Freedom from religion means thinking for ourselves, shielding us from religious dogmas that transform us into mere robots. By its most accurate definition, a dogma means “authoritative tenet without adequate ground.”

Freedom from religion also means ignoring the “hate campaign” of the religious sector against politicians who support artificial family planning, premarital sex and divorce, or other advocacies contrary to Church.

Who has given the pastors and priests the authority to chart the future of married couples? To dictate us whom to vote for and whom to reject during elections?

Certainly not God, who has given us a rational mind. Any modern man who allows his brain to be manipulated by the clergy belongs to that era when disobedience to the Church was punishable by death.

On the lighter side, their hypocritical vow of celibacy makes the bishops and priests “killers” in the sense that celibacy results in inability to reproduce human life.

While it has already been five centuries since we gained our independence from Spain, we are still under the spell of religious leaders who threaten us with fire and brimstone if we don’t toe their line.

History throbs with cases of erroneous theocratic decisions.

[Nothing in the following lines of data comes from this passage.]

(* A monomial jumps by 0 for even a and by 2 u^a u^(2b) for odd a. *)
Lemma odd_u_jump_mono a b :
  (1 <= a + b)%nat -> odd_u (a + b - 1) (jump (fun _ => mono a b)).
Proof.
  intro Hab; unfold jump, mono.
  destruct (Nat.Even_or_Odd a) as [[m Hm]|[m Hm]]; subst a.
  - apply odd_u_ext with (fun _ => 0); [|apply odd_u_zero].
    intros h _; rewrite !pow_mult; replace ((- uu h) ^ 2) with (uu h ^ 2) by ring; ring.
  - exists (fun w => 2 * w ^ (m + b)); split; [apply poly_le_monomial; lia|].
    intros h _; rewrite !pow_add, !pow_mult.
    replace ((- uu h) ^ 2) with (uu h ^ 2) by ring; simpl; ring.
Qed.

Definition h_multiple (d : nat) (kappa : R -> R) : Prop :=
  exists K, poly_le d K /\ forall h, 0 < h -> kappa h = h * K h.

Lemma h_multiple_zero d : h_multiple d (fun _ => 0).
Proof. exists (fun _ => 0); split; [apply poly_le_zero|intros; ring]. Qed.

Lemma h_multiple_plus d k1 k2 :
  h_multiple d k1 -> h_multiple d k2 -> h_multiple d (fun h => k1 h + k2 h).
Proof.
  intros [F [HF H1]] [G [HG H2]]; exists (fun w => F w + G w); split.
  - apply poly_le_plus; auto.
  - intros h Hh; rewrite H1, H2; auto; ring.
Qed.

Lemma h_multiple_scal d c k : h_multiple d k -> h_multiple d (fun h => c * k h).
Proof.
  intros [F [HF H1]]; exists (fun w => c * F w); split.
  - apply poly_le_scal; auto.
  - intros h Hh; rewrite H1; auto; ring.
Qed.

Definition primitive_on_circle (h : R) (G : R -> R -> R -> R) (P : R -> R -> R)
  (kappa : R) : Prop :=
  forall t, is_derive (fun t => G h (X h t) (Y h t)) t (P (X h t) (Y h t) - kappa).

Inductive mono_reduction (k : nat) (P : R -> R -> R) : Prop :=
  MonoReduction (c : R) (G : R -> R -> R -> R) :
    (forall h, 0 < h -> primitive_on_circle h G P (c * h ^ (k / 2))) ->
    (Nat.odd k = true -> c = 0) ->
    odd_u (k - 1) (jump G) -> mono_reduction k P.

Lemma reduce_x0 : mono_reduction 0 (mono 0 0).
Proof.
  apply (MonoReduction _ _ 1 (fun _ _ _ => 0)).
  - intros h _ t; eapply derive_congr; [apply is_derive_const|].
    unfold mono, zero; simpl; ring.
  - discriminate.
  - apply odd_u_ext with (fun _ => 0); [unfold jump; intros; ring|apply odd_u_zero].
Qed.

(* x = d/dt y. *)
Lemma reduce_x1 : mono_reduction 1 (mono 1 0).
Proof.
  apply (MonoReduction _ _ 0 (fun _ => mono 0 1)); auto.
  - intros h _ t; eapply derive_congr; [apply derive_mono|]; unfold mono; simpl; ring.
  - apply odd_u_ext with (fun _ => 0); [unfold jump, mono; intros; simpl; ring|].
    apply odd_u_zero.
Qed.

(* x^2 = d/dt (x y / 2) + h / 2. *)
Lemma reduce_x2 : mono_reduction 2 (mono 2 0).
Proof.
  apply (MonoReduction _ _ (/ 2) (fun _ x y => / 2 * mono 1 1 x y)).
  - intros h Hh t; eapply derive_congr; [apply is_derive_scal, derive_mono|].
    pose proof (circle_XY h t (Rlt_le _ _ Hh)); unfold mono; simpl in *; nra.
  - discriminate.
  - eapply odd_u_ext; [|apply (odd_u_scal _ (/ 2)), (odd_u_jump_mono 1 1); lia].
    unfold jump; intros h _; simpl; ring.
Qed.

(* (i+2) x^(i+2) = d/dt (x^(i+1) y) + (i+1) h x^i, using y^2 = h - x^2. *)
Lemma reduce_x_step i :
  (1 <= i)%nat -> mono_reduction i (mono i 0) -> mono_reduction (S (S i)) (mono (S (S i)) 0).
Proof.
  intros Hi [c G HG Hodd HJ].
  assert (Hdiv : (S (S i) / 2 = S (i / 2))%nat).
  { replace (S (S i)) with (i + 1 * 2)%nat by lia; rewrite Nat.div_add; lia. }
  assert (Hpos := lt_0_INR (S (S i)) ltac:(lia)).
  apply (MonoReduction _ _ (INR (S i) / INR (S (S i)) * c)
           (fun h x y => / INR (S (S i)) * (mono (S i) 1 x y + INR (S i) * h * G h x y))).
  - intros h Hh t; rewrite Hdiv.
    eapply derive_congr;
      [apply is_derive_scal, derive_plus; [apply derive_mono|apply is_derive_scal, HG, Hh]|].
    pose proof (circle_XY h t (Rlt_le _ _ Hh)).
    rewrite (S_INR (S i)) in *; unfold mono in *; cbn [pred pow] in *.
    change (INR 1) with 1.
    replace (Y h t * (Y h t * 1)) with (h - X h t ^ 2) by (simpl in *; lra).
    field; apply Rgt_not_eq, Hpos.
  - intro Ho; rewrite Hodd by exact Ho; ring.
  - replace (S (S i) - 1)%nat with (S (S (i - 1))) by lia.
    eapply odd_u_ext; [|apply (odd_u_scal _ (/ INR (S (S i)))), odd_u_plus;
      [apply (odd_u_weaken (S i + 1 - 1)); [lia|apply (odd_u_jump_mono (S i) 1); lia]
      |apply (odd_u_scal _ (INR (S i))), odd_u_mul_h, HJ]].
    unfold jump; intros h _; simpl; ring.
Qed.

(* The step needs i >= 1 (its jump degree estimate fails from i = 0), hence
   three base cases. *)
Lemma reduce_x_power i : mono_reduction i (mono i 0).
Proof.
  induction i as [i IH] using lt_wf_ind.
  destruct i as [|[|[|i]]].
  - exact reduce_x0.
  - exact reduce_x1.
  - exact reduce_x2.
  - apply reduce_x_step; [lia|apply IH; lia].
Qed.

(* x^i y = d/dt (- x^(i+1) / (i+1)). *)
Lemma reduce_y1 i : mono_reduction (i + 1) (mono i 1).
Proof.
  assert (Hpos := lt_0_INR (S i) ltac:(lia)).
  apply (MonoReduction _ _ 0 (fun _ x y => - / INR (S i) * mono (S i) 0 x y)); auto.
  - intros h Hh t; eapply derive_congr; [apply is_derive_scal, derive_mono|].
    unfold mono; cbn [pred]; change (INR 0) with 0; field; apply Rgt_not_eq, Hpos.
  - replace (i + 1 - 1)%nat with (S i + 0 - 1)%nat by lia.
    eapply odd_u_ext; [|apply (odd_u_scal _ (- / INR (S i))), (odd_u_jump_mono (S i) 0); lia].
    unfold jump; intros h _; ring.
Qed.

(* (i+1) x^i y^(j+2) = (j+1) x^(i+2) y^j - d/dt (x^(i+1) y^(j+1)). *)
Lemma reduce_y_step i j :
  mono_reduction (S (S i) + j) (mono (S (S i)) j) ->
  mono_reduction (i + S (S j)) (mono i (S (S j))).
Proof.
  replace (S (S i) + j)%nat with (i + S (S j))%nat by lia.
  intros [c G HG Hodd HJ].
  assert (Hpos := lt_0_INR (S i) ltac:(lia)).
  apply (MonoReduction _ _ (INR (S j) / INR (S i) * c)
           (fun h x y => / INR (S i) * (INR (S j) * G h x y - mono (S i) (S j) x y))).
  - intros h Hh t; eapply derive_congr;
      [apply is_derive_scal, derive_minus; [apply is_derive_scal, HG, Hh|apply derive_mono]|].
    unfold mono; cbn [pred]; field; apply Rgt_not_eq, Hpos.
  - intro Ho; rewrite Hodd by exact Ho; ring.
  - eapply odd_u_ext; [|apply (odd_u_scal _ (/ INR (S i))), odd_u_plus;
      [apply (odd_u_scal _ (INR (S j))), HJ
      |apply (odd_u_scal _ (-1));
       replace (i + S (S j) - 1)%nat with (S i + S j - 1)%nat by lia;
       apply (odd_u_jump_mono (S i) (S j)); lia]].
    unfold jump; intros h _; ring.
Qed.

Lemma reduce_monomial i j : mono_reduction (i + j) (mono i j).
Proof.
  revert i; induction j as [j IH] using lt_wf_ind; intro i.
  destruct j as [|[|j]].
  - rewrite Nat.add_0_r; apply reduce_x_power.
  - apply reduce_y1.
  - apply reduce_y_step, IH; lia.
Qed.

Inductive decomposable (n : nat) (P : R -> R -> R) : Prop :=
  Decomposable (kappa : R -> R) (G : R -> R -> R -> R) :
    (forall h, 0 < h -> primitive_on_circle h G P (kappa h)) ->
    (forall h t, ex_derive (fun t => P (X h t) (Y h t)) t) ->
    h_multiple ((n - 1) / 2) kappa ->
    odd_u n (jump G) -> decomposable n P.

Lemma decomposable_ext n P Q :
  (forall x y, P x y = Q x y) -> decomposable n P -> decomposable n Q.
Proof.
  intros He [k G HG HE HK HJ]; apply (Decomposable _ _ k G); auto.
  - intros h Hh t; rewrite <- He; apply HG, Hh.
  - intros h t; eapply ex_derive_ext; [|apply (HE h t)]; intro; simpl; auto.
Qed.

Lemma decomposable_zero n : decomposable n (fun _ _ => 0).
Proof.
  apply (Decomposable _ _ (fun _ => 0) (fun _ _ _ => 0)).
  - intros h _ t; eapply derive_congr; [apply is_derive_const|]; unfold zero; simpl; ring.
  - intros; apply ex_derive_const.
  - apply h_multiple_zero.
  - eapply odd_u_ext; [|apply odd_u_zero]; unfold jump; intros; ring.
Qed.

Lemma decomposable_plus n P Q :
  decomposable n P -> decomposable n Q -> decomposable n (fun x y => P x y + Q x y).
Proof.
  intros [k G HG HE HK HJ] [k' G' HG' HE' HK' HJ'].
  apply (Decomposable _ _ (fun h => k h + k' h) (fun h x y => G h x y + G' h x y)).
  - intros h Hh t; eapply derive_congr; [apply derive_plus; [apply HG|apply HG']; auto|].
    ring.
  - intros h t; apply (ex_derive_plus (fun t => P _ _) (fun t => Q _ _)); auto.
  - apply h_multiple_plus; auto.
  - eapply odd_u_ext; [|apply odd_u_plus; [exact HJ|exact HJ']]; unfold jump; intros; ring.
Qed.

The most infamous of them all was the conviction and life imprisonment under house arrest of famous Italian astronomer Galileo for heresy in 1633. He had taught that the earth revolved around the sun.

But the official position of the Church at that time was that the sun revolved around the earth.

It was not until 346 years later in 1979 that Pope John Paul II declared that the Roman Catholic Church “may have been mistaken in condemning Galileo.”

During the reign of the Roman Emperor Constantine (306-337 AD), heretics (persons who opposed church teachings) were sought out, tortured and eventually murdered.

On March 25th, 1199, Pope Innocent III declared that “anyone who attempted to construe a personal view of god which conflicted with the church dogma must be burned without pity.”

The reign of Pope Gregory IX (1227-1241) saw the beginning of the Inquisition, a campaign of torture, mutilation, mass murder and destruction of human life.

The inquisitors grew very rich, accepting bribes and fines from the wealthy who paid to avoid being prosecuted and dispossessed of property.

The Church even misused the Bible to justify burning people to death: “If a man abides not in me, he is cast forth as a branch, and is withered; and men gather them, and cast them into the fire, and they are burned.” (John 15:6).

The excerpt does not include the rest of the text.